Theorem lemma3p13 (d : measure_display) (T : measurableType d) (R : realType)
  (PP : set (probability T R)) (X Y : T -> R) :
  PP !=set0 ->
  measurable_fun setT X -> measurable_fun setT Y ->
  (Ehat PP (fun w => (X w ^+ 2)%R) + Ehat PP (fun w => (Y w ^+ 2)%R) < +oo)%E ->
  let U := fun w => (X w + Y w) / 2 in
  let V := fun w => (X w - Y w) / 2 in
  let F := fun a b => Ehat PP (fun w => (U w - a) ^+ 2 - (V w - b) ^+ 2) in
  let G := fun a b => (- Ehat PP (fun w => (- (U w - a) ^+ 2 + (V w - b) ^+ 2)%R))%E in
  (exists v, is_maxmin setT setT F v /\ is_maxmin (Mset PP V) (Mset PP U) F v) /\
  (exists v, is_minmax setT setT G v /\ is_minmax (Mset PP U) (Mset PP V) G v).
Proof.
move=> PP0 mX mY XY2 U V F G.
have mU : measurable_fun setT U by apply: measurable_funM => //; exact: measurable_funD.
have mV : measurable_fun setT V by apply: measurable_funM => //; exact: measurable_funB.
have Ehat_sqr_lty (W : T -> R) : measurable_fun setT W ->
    (forall w, W w ^+ 2 <= X w ^+ 2 + Y w ^+ 2) ->
    (Ehat PP (fun w => (W w ^+ 2)%R) < +oo)%E.
  move=> mW leW; apply: le_lt_trans XY2.
  by apply: Ehat_le_add => //; try exact: measurable_funX; move=> w; exact: sqr_ge0.
have U2 : (Ehat PP (fun w => (U w ^+ 2)%R) < +oo)%E.
  by apply: Ehat_sqr_lty => // w; rewrite /U; have := sqr_ge0 (X w - Y w); nra.
have V2 : (Ehat PP (fun w => (V w ^+ 2)%R) < +oo)%E.
  by apply: Ehat_sqr_lty => // w; rewrite /V; have := sqr_ge0 (X w + Y w); nra.
split; first exact: Ehat_maxmin.
have [v [vR vM]] := Ehat_maxmin PP0 mV mU V2 U2.
have -> : G = fun a b => (- Ehat PP (fun w => ((V w - b) ^+ 2 - (U w - a) ^+ 2)%R))%E.
  apply/funext => a; apply/funext => b; rewrite /G.
  by under eq_fun do rewrite addrC.
by exists (- v)%E; split; exact: is_minmax_oppe.
Qed.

+--

◆ **Work to be completed**
Print the data in full, with each line exactly as given.

◆ **Problem solution**
Theorem lemma3p13 (d : measure_display) (T : measurableType d) (R : realType)
  (PP : set (probability T R)) (X Y : T -> R) :
  PP !=set0 ->
  measurable_fun setT X -> measurable_fun setT Y ->
  (Ehat PP (fun w => (X w ^+ 2)%R) + Ehat PP (fun w => (Y w ^+ 2)%R) < +oo)%E ->
  let U := fun w => (X w + Y w) / 2 in
  let V := fun w => (X w - Y w) / 2 in
  let F := fun a b => Ehat PP (fun w => (U w - a) ^+ 2 - (V w - b) ^+ 2) in
  let G := fun a b => (- Ehat PP (fun w => (- (U w - a) ^+ 2 + (V w - b) ^+ 2)%R))%E in
  (exists v, is_maxmin setT setT F v /\ is_maxmin (Mset PP V) (Mset PP U) F v) /\
  (exists v, is_minmax setT setT G v /\ is_minmax (Mset PP U) (Mset PP V) G v).
Proof.
move=> PP0 mX mY XY2 U V F G.
have mU : measurable_fun setT U by apply: measurable_funM => //; exact: measurable_funD.
have mV : measurable_fun setT V by apply: measurable_funM => //; exact: measurable_funB.
have Ehat_sqr_lty (W : T -> R) : measurable_fun setT W ->
    (forall w, W w ^+ 2 <= X w ^+ 2 + Y w ^+ 2) ->
    (Ehat PP (fun w => (W w ^+ 2)%R) < +oo)%E.
  move=> mW leW; apply: le_lt_trans XY2.
  by apply: Ehat_le_add => //; try exact: measurable_funX; move=> w; exact: sqr_ge0.
have U2 : (Ehat PP (fun w => (U w ^+ 2)%R) < +oo)%E.
  by apply: Ehat_sqr_lty => // w; rewrite /U; have := sqr_ge0 (X w - Y w); nra.
have V2 : (Ehat PP (fun w => (V w ^+ 2)%R) < +oo)%E.
  by apply: Ehat_sqr_lty => // w; rewrite /V; have := sqr_ge0 (X w + Y w); nra.
split; first exact: Ehat_maxmin.
have [v [vR vM]] := Ehat_maxmin PP0 mV mU V2 U2.
have -> : G = fun a b => (- Ehat PP (fun w => ((V w - b) ^+ 2 - (U w - a) ^+ 2)%R))%E.
  apply/funext => a; apply/funext => b; rewrite /G.
  by under eq_fun do rewrite addrC.
by exists (- v)%E; split; exact: is_minmax_oppe.
Qed.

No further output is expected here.